Problem to work on:
Reply with one number: the count of lines in the data that hold the string "cmodE".

-- Opening Marker --

(* Let $\nu,\eta\geq1$ and let $(\phi_n)_{n\in\mathbb N}$ be real polynomials with $\phi_n$ of degree $n$ whose linearization coefficients $\alpha^{m,n}_k$ (defined by $\phi_m\phi_n=\sum_{k=0}^{m+n}\alpha^{m,n}_k\phi_k$) satisfy $\sum_{k=0}^{m+n}\vert\alpha^{m,n}_k\vert=1$ for all $m,n\in\mathbb N$, and let $\ast$ be the associated generalized convolution product on $\ell^1_\eta(\mathbb N,\mathbb C)$. Let $B$ be a linear operator on $\ell^1_\nu(\mathbb Z,\ell^1_\eta(\mathbb N,\mathbb C))$ represented as an infinite matrix $(B_{k,l})_{k,l\in\mathbb Z}$ of linear operators on $\ell^1_\eta(\mathbb N,\mathbb C)$ (i.e. $(Bu)_k=\sum_{l\in\mathbb Z}B_{k,l}u_l$), and assume each $B_{k,l}$ is the multiplication operator $v\mapsto b_{k,l}\ast v$ by some $b_{k,l}\in\ell^1_\eta(\mathbb N,\mathbb C)$. Then $$\Vert B\Vert_{\ell^1_\nu(\mathbb Z,\ell^1_\eta)}=\sup_{l\in\mathbb Z}\frac{1}{\nu^{\vert l\vert}}\sum_{k\in\mathbb Z}\Vert b_{k,l}\Vert_{\ell^1_\eta}\nu^{\vert k\vert},$$ i.e. the operator norm of $B$ equals the $\ell^1_\nu$ operator norm of the infinite real matrix $(\Vert b_{k,l}\Vert_{\ell^1_\eta})_{k,l\in\mathbb Z}$.
   Context: $\ell^1_\eta(\mathbb N,\mathbb C)$ is the space of complex sequences $x=(x_n)_{n\in\mathbb N}$ with $\Vert x\Vert_{\ell^1_\eta}=\sum_n\vert x_n\vert\eta^n<\infty$. The generalized convolution product is $(x\ast y)_k=\sum_{m,n\in\mathbb N}x_my_n\alpha^{m,n}_k$. For a normed space $(X,\Vert\cdot\Vert)$, $\ell^1_\nu(\mathbb Z,X)$ is the space of sequences $u=(u_k)_{k\in\mathbb Z}$ in $X$ with $\Vert u\Vert_{\ell^1_\nu(\mathbb Z,X)}=\sum_{k\in\mathbb Z}\Vert u_k\Vert\nu^{\vert k\vert}<\infty$. $\Vert B\Vert_{\ell^1_\nu(\mathbb Z,\ell^1_\eta)}$ is the operator norm of $B$ on $\ell^1_\nu(\mathbb Z,\ell^1_\eta(\mathbb N,\mathbb C))$. *)

From HB Require Import structures.
From mathcomp Require Import all_boot all_order all_algebra.
From mathcomp Require Import all_classical all_reals all_analysis.
From mathcomp Require Import complex.

Set Implicit Arguments.
Unset Strict Implicit.
Unset Printing Implicit Defensive.
Import Order.TTheory GRing.Theory Num.Theory.

Local Open Scope classical_set_scope.
Local Open Scope ring_scope.

Section Defs.
Variable R : realType.

Definition cmod (z : R[i]) : R := Num.sqrt (complex.Re z ^+ 2 + complex.Im z ^+ 2).

Definition rsum (T : choiceType) (A : set T) (f : T -> R) : R :=
  fine (\esum_(x in A) (Num.max (f x) 0)%:E)
  - fine (\esum_(x in A) (Num.max (- f x) 0)%:E).

Definition csummable (T : choiceType) (A : set T) (f : T -> R[i]) : Prop :=
  summable A (fun x => (cmod (f x))%:E).

Definition csum (T : choiceType) (A : set T) (f : T -> R[i]) : R[i] :=
  Complex (rsum A (fun x => complex.Re (f x))) (rsum A (fun x => complex.Im (f x))).

(* norm of ell^1_eta(N, C), valued in \bar R (+oo iff not in the space) *)
Definition l1eta_norm (eta : R) (v : nat -> R[i]) : \bar R :=
  \esum_(n in [set: nat]) (cmod (v n) * eta ^+ n)%:E.

Definition l1nu_norm (nu eta : R) (u : int -> nat -> R[i]) : \bar R :=
  \esum_(k in [set: int]) (l1eta_norm eta (u k) * (nu ^+ `|k|%N)%:E)%E.

Definition lincoef (alpha : nat -> nat -> nat -> R) (m n k : nat) : R :=
  if (k <= m + n)%N then alpha m n k else 0.

Definition gconv (alpha : nat -> nat -> nat -> R) (x y : nat -> R[i]) : nat -> R[i] :=
  fun k => csum [set: nat * nat]
    (fun p => x p.1 * y p.2 * (Complex (lincoef alpha p.1 p.2 k) 0)).

Definition opnorm (nu eta : R)
  (B : (int -> nat -> R[i]) -> (int -> nat -> R[i])) : \bar R :=
  ereal_sup [set l1nu_norm nu eta (B u) | u in [set u | (l1nu_norm nu eta u <= 1)%E]].

End Defs.

(* Upper bound: the coefficients [alpha m n k] vanish for [k > m + n] and have absolute
   sum 1, so for [eta >= 1] the weighted norm is submultiplicative for the convolution,
   [|b * v| <= |b| |v|]. Summing over the rows of [B u] and exchanging the sums over [k]
   and [l] then bounds [|B u|] by [|u|] times the supremum of the weighted column norms
   of the matrix [(|b k l|)].
   Lower bound: [phi 0] is a constant [c] with [|c| = 1] (the normalisation for
   [m = n = 0]), hence [b * delta_0 = c b], and the unit vector [nu^-|l| delta_(l,0)]
   is mapped to a vector whose norm is the [l]-th column norm.
   Since [csum] is built from the positive and negative parts of real sums, its triangle
   inequality goes through the linearity of these real sums. *)

From HB Require Import structures.
From mathcomp Require Import all_boot all_order all_algebra.
From mathcomp Require Import all_classical all_reals all_analysis.
From mathcomp Require Import complex.
From mathcomp Require Import ring lra.
Import Order.TTheory GRing.Theory Num.Theory.
Local Open Scope classical_set_scope.
Local Open Scope ring_scope.

Section esum_lemmas.
Context {R : realType}.
Local Open Scope ereal_scope.

Lemma esumZl (T : choiceType) (I : set T) (c : R) (a : T -> \bar R) :
  (0 <= c)%R -> (forall i, I i -> 0 <= a i) ->
  \esum_(i in I) (c%:E * a i) = c%:E * \esum_(i in I) a i.
Proof.
move=> c0 a0.
have sumZ X : fsets I X -> (\sum_(i \in X) (c%:E * a i)%E)%R = c%:E * (\sum_(i \in X) a i)%R.
  move=> [finX XI]; rewrite !fsbig_finite// big_seq [in RHS]big_seq.
  by rewrite ge0_sume_distrr// => i; rewrite in_fset_set// inE => /XI /a0.
rewrite /esum -ereal_supZl//; last first.
  by apply/set0P; exists 0; exists set0; [exact: fsets_set0 | rewrite fsbig_set0].
congr ereal_sup; apply/seteqP; split=> x /=.
  move=> [X XI <-]; exists (\sum_(i \in X) a i)%R; first by exists X.
  by rewrite sumZ.
by move=> [_ [X XI <-] <-]; exists X; rewrite ?sumZ.
Qed.

Lemma esum_supp1 (T : choiceType) (t : T) (a : T -> \bar R) :
  (forall i, i != t -> a i = 0) -> 0 <= a t -> \esum_(i in [set: T]) a i = a t.
Proof.
move=> a_supp a0; rewrite -(esum_set1 a0) [RHS]esum_mkcond; apply: eq_esum => i _.
by case: ifPn => //; rewrite notin_setE => /eqP/a_supp.
Qed.

Lemma le_esum_term (T : choiceType) (I : set T) (a : T -> \bar R) t :
  (forall i, I i -> 0 <= a i) -> I t -> a t <= \esum_(i in I) a i.
Proof.
move=> a0 It; apply: esum_ge; exists [set t]; last by rewrite fsbig_set1.
by split=> [|_ ->//]; exact: finite_set1.
Qed.

Lemma exchange_esum (T1 T2 : choiceType) (a : T1 -> T2 -> \bar R) :
  (forall i j, 0 <= a i j) ->
  \esum_(i in [set: T1]) \esum_(j in [set: T2]) a i j =
  \esum_(j in [set: T2]) \esum_(i in [set: T1]) a i j.
Proof.
move=> a0; rewrite !esum_esum//.
rewrite (reindex_esum ([set: T2] `*`` (fun=> [set: T1])) _ (fun x => (x.2, x.1)))//.
split=> [[i j]//|[i j] [i' j'] _ _ [-> ->]//|[i j] _].
by exists (j, i).
Qed.

Lemma esum_prod (T1 T2 : choiceType) (a : T1 -> T2 -> \bar R) :
  (forall i j, 0 <= a i j) ->
  \esum_(p in [set: T1 * T2]) a p.1 p.2 =
  \esum_(i in [set: T1]) \esum_(j in [set: T2]) a i j.
Proof.
by move=> a0; rewrite esum_esum//; congr esum; apply/seteqP; split=> -[].
Qed.

End esum_lemmas.

Section cmod_lemmas.
Context {R : realType}.
Implicit Types z : R[i].

Lemma cmodE z : cmod z = Normc.normc z.
Proof. by case: z. Qed.

Lemma cmod_ge0 z : 0 <= cmod z.
Proof. exact: sqrtr_ge0. Qed.

Lemma cmod0 : cmod (0 : R[i]) = 0.
Proof. by rewrite cmodE Normc.normc0. Qed.

Lemma cmodM z w : cmod (z * w) = cmod z * cmod w.
Proof. by rewrite !cmodE Normc.normcM. Qed.

Lemma cmod_real (r : R) : cmod (Complex r 0) = `|r|.
Proof. by rewrite /cmod /= expr0n /= addr0 sqrtr_sqr. Qed.

Lemma ler_Re_cmod z : `|complex.Re z| <= cmod z.
Proof.
by case: z => a b; rewrite /cmod -sqrtr_sqr ler_wsqrtr// lerDl sqr_ge0.
Qed.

-- Closing Marker --

Final answer:
3